Lemma LK_le0_max_eball Omega K lam u x0 : (0 < N)%N -> 0 < lam ->
  (forall z, eball (nseq_tuple N 0) 1 z -> lam <= K x0 z) ->
  econt_on (eclosure Omega) u -> (forall z, ~ Omega z -> u z <= 0) ->
  (forall z, u z <= u x0) -> 0 < u x0 -> (LK K u x0 <= 0)%E ->
  eball x0 1 `<=` [set y | u y = u x0].
Proof.
move=> N0 lam0 Klam uc uout umax M0 LK0 y x0y; apply/eqP; rewrite eq_le umax /=.
rewrite leNgt; apply/negP => uy.
pose b := Num.max ((u y + u x0) / 2) (u x0 / 2).
have b0 : 0 < b by rewrite lt_max; apply/orP; right; lra.
have bM : b < u x0 by rewrite gt_max; apply/andP; split; lra.
have yb : u y < b by rewrite lt_max; apply/orP; left; lra.
have [s s0 cube_sub] := econt_lt_cube N0 uc uout b0 yb x0y.
have cube_ball : cube y s `<=` eball x0 1 by move=> z /cube_sub[].
have Kball z : eball x0 1 z -> lam <= K x0 (tsub z x0).
  by move=> x0z; apply: Klam; rewrite /eball /= edist_tsub.
pose f z := (u x0 - u z) / edist z x0 ^+ N * K x0 (tsub z x0).
have f0 z : eball x0 1 z -> 0 <= f z.
  move=> x0z; rewrite mulr_ge0 ?divr_ge0 ?subr_ge0 ?exprn_ge0 ?sqrtr_ge0 //.
  exact: le_trans (ltW lam0) (Kball z x0z).
have f_cube z : cube y s z -> (u x0 - b) * lam <= f z.
  move=> /cube_sub[x0z /= zb].
  have dz0 : 0 < edist z x0.
    rewrite lt_neqAle sqrtr_ge0 andbT; apply/negP => /eqP/esym/edist_eq0 zx0.
    by move: zb; rewrite zx0; lra.
  have dzN1 : edist z x0 ^+ N <= 1.
    by rewrite exprn_ile1 ?sqrtr_ge0 // edistC ltW.
  rewrite /f ler_pM ?subr_ge0 ?(ltW bM) ?(ltW lam0) ?Kball //.
  rewrite ler_pdivlMr ?exprn_gt0 //; apply: le_trans (ler_wpM2l _ dzN1) _; lra.
have c0 : 0 < (u x0 - b) * lam by rewrite mulr_gt0 ?subr_gt0.
have := cst_measure_le_integral (@lebN_set0 R N) (cube_measurable y s) c0 cube_ball f0 f_cube.
rewrite lebN_cube // -EFinM => /le_trans/(_ LK0); rewrite lee_fin.
by apply/negP; rewrite -ltNge !mulr_gt0 ?subr_gt0 ?exprn_gt0 ?mulr_gt0.
Qed.

Lemma ebounded_eball_closed_eq0 (S : set V) : (0 < N)%N -> ebounded S ->
  (forall z, S z -> eball z 1 `<=` S) -> S = set0.
Proof.
move=> N0 [M SM] Sball; apply/seteqP; split=> // x0 Sx0; pose i := Ordinal N0.
have far k : exists2 z, S z & tnth z i = tnth x0 i + k%:R / 2.
  elim: k => [|k [z Sz zi]]; first by exists x0; rewrite ?mul0r ?addr0.
  exists (shift i z (1 / 2)).
    by apply: (Sball _ Sz); rewrite /eball /= edist_shift ger0_norm; lra.
  by rewrite tnth_shift zi -addn1 natrD; lra.
have [z Sz zi] := far (Num.truncn (2 * M)).+1; have := truncnS_gt (2 * M).
have := le_trans (coord_le_edist x0 z i) (SM _ _ Sx0 Sz).
by rewrite zi opprD addNKr normrN ger0_norm ?divr_ge0 //; lra.
Qed.

End strong_maximum.

Theorem lemma4p1 (R : realType) (N : nat) (Omega : set (N.-tuple R))
  (K : N.-tuple R -> N.-tuple R -> R) (lam Lam : R) (u : N.-tuple R -> R) :
  (0 < N)%N ->
  eopen Omega -> ebounded Omega ->
  0 < lam -> lam <= Lam ->
  measurable_fun (Omega `*` eball (nseq_tuple N (0 : R)) 1)
    (fun p : N.-tuple R * N.-tuple R => K p.1 p.2) ->
  (forall x z, Omega x -> eball (nseq_tuple N (0 : R)) 1 z ->
     lam <= K x z <= Lam) ->
  measurable_fun (B1 Omega) u ->
  (\int[@lebN R N]_(y in B1 Omega) (`|u y|)%:E < +oo)%E ->
  dini_loc Omega u ->
  econt_on (eclosure Omega) u ->
  (forall x, Omega x -> (LK K u x <= 0)%E) ->
  (forall x, ~ Omega x -> u x <= 0) ->
  forall x, Omega x -> u x <= 0.
Proof.
move=> N0 _ bO lam0 _ _ Kb _ _ _ uc LK0 uout x Ox; rewrite leNgt; apply/negP => ux.
have [x0 _ x0max] := econt_max_eclosure N0 bO Ox uc.
have M0 : 0 < u x0 := lt_le_trans ux (x0max x (subset_eclosure Ox)).
have inO z : u z = u x0 -> Omega z.
  by move=> uz; apply: contrapT => /uout; rewrite uz; lra.
have umax z : u z <= u x0.
  have [Oz|/uout uz0] := pselect (Omega z); first exact/x0max/subset_eclosure.
  exact: le_trans uz0 (ltW M0).
pose S := [set z | u z = u x0].
suff : S = set0 by move/seteqP => [/(_ x0 erefl)].
apply: ebounded_eball_closed_eq0 => //.
  by case: bO => M OM; exists M => y z /inO Oy /inO Oz; apply: OM.
move=> z /= uz w zw; have Oz := inO z uz; rewrite /S /= -uz.
have zmax y : u y <= u z by rewrite uz; apply: umax.
have Kz y : eball (nseq_tuple N 0) 1 y -> lam <= K z y by move/(Kb z y Oz)/andP=> [].
by apply: (LK_le0_max_eball N0 lam0 Kz uc uout zmax _ (LK0 z Oz)); rewrite ?uz.
Qed.
Lemma conv_simF_ind_expg g1 g2 :
  forall k, ZF k -> forall x, conv (ind g1) (ind g2) (x ^+ k)%g = conv (ind g1) (ind g2) x.
Proof.
have ind_inv := simF_ind_conj_invariant hz F.
have F_ind := @simF_ind_subfield gT z F hF.
have conv_inv := conj_invariant_conv (ind_inv g1) (ind_inv g2).
have F_conv x : F (conv (ind g1) (ind g2) x).
  by apply: (subfield_sum hF) => y _; apply: (subfieldM hF).
have F_ev g : forall a, eigenvalue (group_mx (ind g)) a -> F a.
  apply: (eigenvalues_in_subfieldP hz hF hFL (ind_inv g) (F_ind g)).2.
  exact: (@simF_ind_expg gT z hz F g).
apply/(eigenvalues_in_subfieldP hz hF hFL conv_inv F_conv) => a.
move=> /(eigenvalue_group_mx conv_inv)[i ->]; rewrite central_charM //.
by apply: (subfieldM hF); apply/F_ev/eigenvalue_central_char.
Qed.

Lemma BmatM_simF g1 g2 i j i' j' :
  simF z F (enum_val j' * (enum_val i')^-1)%g (enum_val j * (enum_val i)^-1)%g ->
  (B g1 *m B g2) i j = (B g1 *m B g2) i' j'.
Proof.
rewrite !Bmat_group_mx group_mxM !mxE => /simF_invariant -> //.
  exact: conj_invariant_conv (simF_ind_conj_invariant hz F g1) (simF_ind_conj_invariant hz F g2).
exact: conv_simF_ind_expg.
Qed.

Lemma sum_AmatS_classes (b : {set {set gT}}) : b \subset classes G ->
  \sum_(K in b) AmatS K = group_mx (fun g => ((g ^: G)%g \in b)%:R).
Proof.
move=> sbG; rewrite -(sum_classes_AmatS (fun K => (K \in b)%:R)) big_mkcond [RHS]big_mkcond /=.
apply: eq_bigr => K _; case: ifPn => [bK | bNK]; first by rewrite (subsetP sbG) ?scale1r.
by case: ifP => _; rewrite ?scale0r.
Qed.

Definition simF_block (K0 : {set gT}) : {set {set gT}} :=
  [set K in classes G | clF (repr K0) == clF (repr K)].

Lemma sum_simF_block K0 : \sum_(K in simF_block K0) AmatS K = B (repr K0).
Proof.
rewrite sum_AmatS_classes; last by apply/subsetP => K; rewrite inE => /andP[].
rewrite Bmat_group_mx; apply: group_mx_ext => g; congr (nat_of_bool _)%:R.
rewrite inE mem_classes ?in_setT //=; have [y ->] := repr_class_conjg g.
rewrite (simF_class_eq hz (simF_conjg hz F g y)).
rewrite eq_simF_class //; apply/asboolP/simF_classP; exact: simF_sym.
Qed.

Lemma Bmat_subscheme : is_subscheme (fun M => exists g : gT, M = B g).
Proof.
split; first split.
- by move=> M [g ->]; split=> [|i j]; [apply: Bmat_neq0 | apply: Bmat_entry01].
- by exists 1%g; rewrite Bmat1.
- move=> i j; exists (B (enum_val j * (enum_val i)^-1)%g).
  by split=> [|_ [[g ->] /Bmat_eq]] //; split; [eexists | apply: Bmat_self].
- by move=> M [g ->]; exists (g^-1)%g; rewrite trmx_Bmat.
- move=> M N P [g1 ->] [g2 ->] [g3 ->] i j i' j' /Bmat_entry_eq1 h3 /Bmat_entry_eq1 h3'.
  by apply: BmatM_simF; apply: simF_trans h3' (simF_sym hz h3).
exists (preim_partition (fun K : {set gT} => clF (repr K)) (classes G)).
split=> [|M]; first exact: preim_partitionP.
split=> [[g ->] | [b /imsetP[K0 K0G ->] ->]]; last by exists (repr K0); rewrite sum_simF_block.
exists (simF_block (g ^: G)%g); first by apply: imset_f; rewrite mem_classes ?in_setT.
rewrite sum_simF_block; have [y ->] := repr_class_conjg g.
by rewrite (Bmat_simF (simF_conjg hz F g y)).
Qed.

End Subscheme.

Theorem theorem9p1 (gT : finGroupType) (z : algC)
  (hz : (expo gT).-primitive_root z)
  (F : algC -> Prop) (hF : is_subfield F) (hFL : forall x, F x -> inL z x) :
  [/\ (forall M : 'M[algC]_#|gT|,
         (in_LA z M /\ (forall i j, F (M i j)) /\ (forall a, eigenvalue M a -> F a))
         <-> in_FspanB z F M),
      is_subscheme (fun M => exists g : gT, M = Bmat z F g) &
      (forall C : {set gT}, (forall g x, g \in C -> (g ^ x)%g \in C) ->
         ((forall a, eigenvalue (AmatS C) a -> F a) <->
          (forall g h, g \in C -> simF z F h g -> h \in C)))].
Proof.
split=> [M | | C normC]; last 2 first.
- exact: (Bmat_subscheme hz hF hFL).
- exact: (normal_Cayley_eigenP hz hF hFL normC).
split=> [[LM [FM evM]] | /(FspanB_LA_eigen hz hF hFL)[LM FM evM]] //.
exact: (LA_eigen_FspanB hz hF hFL LM FM evM).
Qed.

——————

§ Exercise prompt:
Extract from the listing above the lines between the line containing "by move: zb; rewrite zx0; lra." and the line containing "elim: k => [|k", keeping both of those lines. Output nothing else.

§ Result of this exercise:
    by move: zb; rewrite zx0; lra.
  have dzN1 : edist z x0 ^+ N <= 1.
    by rewrite exprn_ile1 ?sqrtr_ge0 // edistC ltW.
  rewrite /f ler_pM ?subr_ge0 ?(ltW bM) ?(ltW lam0) ?Kball //.
  rewrite ler_pdivlMr ?exprn_gt0 //; apply: le_trans (ler_wpM2l _ dzN1) _; lra.
have c0 : 0 < (u x0 - b) * lam by rewrite mulr_gt0 ?subr_gt0.
have := cst_measure_le_integral (@lebN_set0 R N) (cube_measurable y s) c0 cube_ball f0 f_cube.
rewrite lebN_cube // -EFinM => /le_trans/(_ LK0); rewrite lee_fin.
by apply/negP; rewrite -ltNge !mulr_gt0 ?subr_gt0 ?exprn_gt0 ?mulr_gt0.
Qed.

Lemma ebounded_eball_closed_eq0 (S : set V) : (0 < N)%N -> ebounded S ->
  (forall z, S z -> eball z 1 `<=` S) -> S = set0.
Proof.
move=> N0 [M SM] Sball; apply/seteqP; split=> // x0 Sx0; pose i := Ordinal N0.
have far k : exists2 z, S z & tnth z i = tnth x0 i + k%:R / 2.
  elim: k => [|k [z Sz zi]]; first by exists x0; rewrite ?mul0r ?addr0.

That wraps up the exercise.